%%
Lemma expi_dist_mx_le i j : s i <= s j -> E i j = (z i)^* * z j.
Proof.
move=> le_ij; rewrite mxE distrC ger0_norm ?subr_ge0 // conj_expi -expiD.
by rewrite mulrBr addrC.
Qed.

Lemma expi_dist_mxDconj i j : E i j + (E i j)^* = z i * (z j)^* + (z i)^* * z j.
Proof.
have [le_ij | /ltW le_ji] := leP (s i) (s j).
  by rewrite expi_dist_mx_le // rmorphM /= conjCK addrC mulrC.
by rewrite expi_dist_mxC expi_dist_mx_le // rmorphM /= conjCK mulrC [z j * _]mulrC.
Qed.

Lemma expi_dist_form_re (w : 'I_n -> R[i]) :
  let q := \sum_i \sum_j w i * E i j * (w j)^* in
  let X := \sum_i w i * z i in
  let Y := \sum_i w i * (z i)^* in
  q + q^* = X * X^* + Y * Y^*.
Proof.
move=> q X Y.
have -> : q^* = \sum_i \sum_j w i * (E i j)^* * (w j)^*.
  rewrite rmorph_sum exchange_big; apply: eq_bigr => j _.
  rewrite rmorph_sum; apply: eq_bigr => i _.
  by rewrite !rmorphM /= conjCK expi_dist_mxC mulrC [_^* * _]mulrC mulrA.
rewrite /q /X /Y !rmorph_sum !mulr_suml -!big_split; apply: eq_bigr => i _ /=.
rewrite !mulr_sumr -!big_split; apply: eq_bigr => j _ /=.
rewrite -mulrDl -mulrDr expi_dist_mxDconj !rmorphM /= conjCK.
ring.
Qed.

Lemma expi_dist_leftmost {w : 'I_n -> R[i]} {j} :
  \sum_i w i * z i = 0 -> w j != 0 ->
  exists2 m, w m != 0 & \sum_i w i * E i m = 0.
Proof.
move=> X0 wj0; have [m wm0 min_m] := arg_minP (P := fun i => w i != 0) s wj0.
exists m => //; transitivity ((z m)^* * \sum_i w i * z i); last by rewrite X0 mulr0.
rewrite mulr_sumr; apply: eq_bigr => i _.
have [->|wi0] := eqVneq (w i) 0; first by rewrite !mul0r mulr0.
by rewrite expi_dist_mxC expi_dist_mx_le ?min_m // mulrCA mulrA.
Qed.

Lemma expi_dist_no_imag_eigenvalue {d : 'rV[R[i]]_n} {kappa : R[i]} :
  (forall j, d 0 j \is Num.real) -> kappa^* = - kappa -> kappa != 0 ->
  ~~ eigenvalue (diag_mx d *m E) kappa.
Proof.
move=> d_real kappaI kappa0; apply/eigenvalueP => -[v eig_v v0].
pose w i := v 0 i * d 0 i.
have eigE j : \sum_i w i * E i j = kappa * v 0 j.
  move/rowP/(_ j): eig_v; rewrite mulmxA mul_mx_diag !mxE => <-.
  by apply: eq_bigr => i _; rewrite mxE.
have X0 : \sum_i w i * z i = 0.
  pose Q := \sum_j v 0 j * (w j)^*.
  have QE : \sum_i \sum_j w i * E i j * (w j)^* = kappa * Q.
    rewrite exchange_big mulr_sumr; apply: eq_bigr => j _.
    by rewrite -mulr_suml eigE mulrA.
  have Q_real : Q^* = Q.
    rewrite rmorph_sum; apply: eq_bigr => j _.
    by rewrite /w !rmorphM /= conjCK !(CrealP (d_real j)) mulrCA.
  have /= := expi_dist_form_re w; rewrite QE rmorphM /= Q_real kappaI mulNr addrN.
  move/esym/eqP; rewrite paddr_eq0 ?mul_conjC_ge0 // !mul_conjC_eq0.
  by case/andP => /eqP.
have w0 j : w j = 0.
  apply/eqP/negP => /negP /(expi_dist_leftmost X0) [m wm0].
  rewrite eigE => /eqP; rewrite mulf_eq0 (negbTE kappa0) => /eqP vm0.
  by move: wm0; rewrite /w vm0 mul0r eqxx.
apply/negP: v0; apply/negPn/eqP/rowP => j; rewrite mxE.
have := eigE j; rewrite big1 => [/esym/eqP|i _]; last by rewrite w0 mul0r.
by rewrite mulf_eq0 (negbTE kappa0) => /eqP.
Qed.

End ExpiDistanceMatrix.

Section InverseLimit.
Context {R : realType}.
Local Notation C := (R[i] : numFieldType).

Lemma inv_limit_exists_of_factor {n} {G H D : R -> 'M[R[i]]_n} {H0 D0 : 'M[R[i]]_n} :
  (\forall e \near 0^'+, G e *m D e = H e) ->
  (forall i j, H e i j @[e --> 0^'+] --> (H0 i j : C)) ->
  (forall i j, D e i j @[e --> 0^'+] --> (D0 i j : C)) ->
  H0 \in unitmx -> inv_limit_exists G.
Proof.
move=> GDH cvgH cvgD H0unit.
have detH : \forall e \near 0^'+, \det (H e) != 0.
  by apply: cvgr_neq0 (cvg_det cvgH) _; rewrite -unitfE -unitmxE.
have invG : \forall e \near 0^'+, G e \in unitmx /\ invmx (G e) = D e *m invmx (H e).
  near=> e; have GD : G e *m D e = H e by near: e.
  have Hu : H e \in unitmx by rewrite unitmxE unitfE; near: e.
  have GY : G e *m (D e *m invmx (H e)) = 1%:M by rewrite mulmxA GD mulmxV.
  have [Gu _] := mulmx1_unit GY.
  by split => //; rewrite -[LHS]mulmx1 -GY mulKmx.
split; first by apply: filterS invG => e [].
exists (D0 *m invmx H0) => i j; apply/cvg_complexP.
apply: cvg_trans (cvg_mulmx cvgD (cvg_invmx cvgH H0unit) i j).
apply: near_eq_cvg; near=> e.
by have [_ ->] : G e \in unitmx /\ invmx (G e) = D e *m invmx (H e) by near: e.
Unshelve. all: by end_near.
Qed.

Lemma cvg_at_right_line (sg t : R) :
  Complex (sg * e) t @[e --> 0^'+] --> (Complex 0 t : C).
Proof.
apply/cvg_complexP; split => /=; last exact: cvg_cst.
have : sg * e @[e --> 0^'+] --> sg * 0.
  by apply: cvgM; [exact: cvg_cst | exact: cvg_at_right_filter].
by rewrite mulr0.
Qed.

End InverseLimit.

Section Gamma.
Variables (R : realType) (n : nat) (s : 'I_n -> R) (a rho0 S : R) (K M : 'I_n -> R).
Hypotheses (a_gt0 : 0 < a) (rho0_gt0 : 0 < rho0) (S_gt0 : 0 < S) (M_gt0 : forall j, 0 < M j).
Variable sg : R.
Hypothesis sg_pm : sg = 1 \/ sg = -1.
Local Notation C := (R[i] : numFieldType).

Definition Gamma_den (zeta : R[i]) : 'rV[R[i]]_n :=
  \row_j (rc (K j) + zeta ^+ 2 * rc (M j)).

(* The sign of [Re zeta] in [Gamma] is frozen to [sg], so that [Gamma_num] is continuous
   across the imaginary axis. *)
Definition Gamma_num (zeta : R[i]) : 'M[R[i]]_n :=
  \matrix_(i, j) (- rc sg / rc (2 * a * rho0)
                     * cexp (- rc sg * zeta * rc (`|s i - s j| / a)) * Gamma_den zeta 0 j
                   - zeta * rc S * (i == j)%:R).

Lemma Gamma_den_neq0 (zeta : R[i]) j :
  complex.Re zeta != 0 -> complex.Im zeta != 0 -> Gamma_den zeta 0 j != 0.
Proof.
move=> Re0 Im0; rewrite mxE; apply: contraNneq Im0 => /(congr1 (@complex.Im R)).
case: zeta Re0 => x y /= x0; rewrite mulr0 !add0r [y * x]mulrC -mulr2n => /eqP.
by rewrite mulf_eq0 (gt_eqF (M_gt0 j)) orbF mulrn_eq0 mulf_eq0 (negbTE x0) /=.
Qed.

Lemma Gamma_mul_den (zeta : R[i]) :
  0 < sg * complex.Re zeta -> complex.Im zeta != 0 ->
  Gamma s a rho0 S K M zeta *m diag_mx (Gamma_den zeta) = Gamma_num zeta.
Proof.
move=> Re_sg Im0.
have Re0 : complex.Re zeta != 0 by apply: contraTneq Re_sg => ->; rewrite mulr0 ltxx.
have zeta0 : zeta != 0 by apply: contraNneq Re0 => ->.
have sgE : (if 0 < complex.Re zeta then 1 else -1) = rc sg.
  by case: sg_pm Re_sg => ->;
    [rewrite mul1r => -> | rewrite mulN1r oppr_gt0 => /lt_gtF ->; simpc].
have c0 : rc (2 * a * rho0) != 0 by rewrite rc_neq0 // !mulf_neq0 ?gt_eqF.
apply/matrixP => i j; rewrite mul_mx_diag !mxE sgE.
have := Gamma_den_neq0 zeta j Re0 Im0; rewrite mxE => den0.
by field; rewrite den0 zeta0 c0.
Qed.

Lemma Gamma_num_imag_unit (t : R) : t != 0 -> Gamma_num (Complex 0 t) \in unitmx.
Proof.
move=> t0; set c := - rc sg / rc (2 * a * rho0).
have sg0 : sg != 0 by case: sg_pm => ->; rewrite ?oppr_eq0 oner_eq0.
have c0 : c != 0 by rewrite mulf_neq0 ?oppr_eq0 ?invr_eq0 ?rc_neq0 // !mulf_neq0 ?gt_eqF.
have c_real : c^* = c by apply/CrealP; rewrite rpredM ?rpredN ?rpredV ?complex_real.
pose d := Gamma_den (Complex 0 t).
have d_real j : d 0 j \is Num.real by rewrite mxE expr2; simpc; rewrite complex_real.
set kappa := Complex 0 t * rc S / c.
have kappaI : kappa^* = - kappa.
  rewrite !rmorphM fmorphV /= c_real (CrealP (_ : rc S \is Num.real)) ?complex_real //.
  by rewrite -!mulNr; congr (_ * _ * _); simpc.
have kappa0 : kappa != 0.
  rewrite !mulf_neq0 ?invr_eq0 ?rc_neq0 ?(gt_eqF S_gt0) //.
  by apply: contraNneq t0 => -[->].
have := expi_dist_no_imag_eigenvalue s (- (sg * t / a)) d_real kappaI kappa0.
rewrite /eigenvalue /eigenspace negbK kermx_eq0 row_free_unit => unit_eig.
suff -> : Gamma_num (Complex 0 t) =
    (c *: (diag_mx d *m expi_dist_mx s (- (sg * t / a)) - kappa%:M))^T.
  by rewrite unitmx_tr unitmxZ ?unitfE.
rewrite mul_diag_mx; apply/matrixP => i j; rewrite !mxE [j == i]eq_sym -cexp_imag.
have -> : Complex 0 (- (sg * t / a) * `|s j - s i|) =
    - rc sg * Complex 0 t * rc (`|s i - s j| / a).
  by rewrite distrC; simpc; rewrite mulrAC -mulrA.
by rewrite /kappa -/c; case: (i == j); rewrite ?mulr0n ?mulr1n; field.
Qed.

Section GammaConvergence.
Context {T : Type} {F : set_system T} {FF : Filter F}.

Lemma cvg_Gamma_den {f : T -> C} {z : C} j :
  f x @[x --> F] --> z -> Gamma_den (f x) 0 j @[x --> F] --> (Gamma_den z 0 j : C).
Proof.
move=> fz; rewrite mxE; under eq_fun do rewrite mxE.
apply: (@cvgD _ C); first exact: cvg_cst.
by apply: cvgM; [rewrite expr2; under eq_fun do rewrite expr2; exact: cvgM | exact: cvg_cst].
Qed.

Lemma cvg_diag_Gamma_den {f : T -> C} {z : C} :
  f x @[x --> F] --> z ->
  forall i j, diag_mx (Gamma_den (f x)) i j @[x --> F] --> (diag_mx (Gamma_den z) i j : C).
Proof.
move=> fz i j; rewrite mxE; under eq_fun do rewrite mxE.
by apply: (@cvgMn _ C); exact: cvg_Gamma_den.
Qed.

Lemma cvg_Gamma_num {f : T -> C} {z : C} :
  f x @[x --> F] --> z -> forall i j, Gamma_num (f x) i j @[x --> F] --> (Gamma_num z i j : C).
Proof.
move=> fz i j; rewrite mxE; under eq_fun do rewrite mxE.
apply: (@cvgB _ C).
  apply: (@cvgM C); last exact: cvg_Gamma_den.
  apply: (@cvgM C); first exact: cvg_cst.
  apply: cvg_cexp; apply: (@cvgM C); last exact: cvg_cst.
  by apply: (@cvgM C); first exact: cvg_cst.
apply: (@cvgM C); last exact: cvg_cst.
by apply: (@cvgM C); last exact: cvg_cst.
Qed.

End GammaConvergence.

Lemma Gamma_inv_limit (zeta : R -> R[i]) (t : R) :
  t != 0 -> (forall e, zeta e = Complex (sg * e) t) ->
  inv_limit_exists (fun e => Gamma s a rho0 S K M (zeta e)).
Proof.
move=> t0 zetaE; have zeta_cvg := cvg_at_right_line sg t.
apply: (inv_limit_exists_of_factor _ (cvg_Gamma_num zeta_cvg) (cvg_diag_Gamma_den zeta_cvg)
  (Gamma_num_imag_unit _ t0)).
near=> e; have e_gt0 : 0 < e by near: e; exact: nbhs_right_gt.
have Re_sg : 0 < sg * complex.Re (Complex (sg * e) t).
  by rewrite /= mulrA; case: sg_pm => ->; rewrite ?mulrNN !mul1r.
by rewrite zetaE; apply: Gamma_mul_den.
Unshelve. all: by end_near.
Qed.

End Gamma.

Arguments Gamma_inv_limit {R n s a rho0 S K M} _ _ _ _ sg _ {zeta t}.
%%
== What needs to be done ==
Wherever "contraNneq" occurs in the records above, copy the line it sits in.

== Task solution ==
move=> Re0 Im0; rewrite mxE; apply: contraNneq Im0 => /(congr1 (@complex.Im R)).
have zeta0 : zeta != 0 by apply: contraNneq Re0 => ->.
  by apply: contraNneq t0 => -[->].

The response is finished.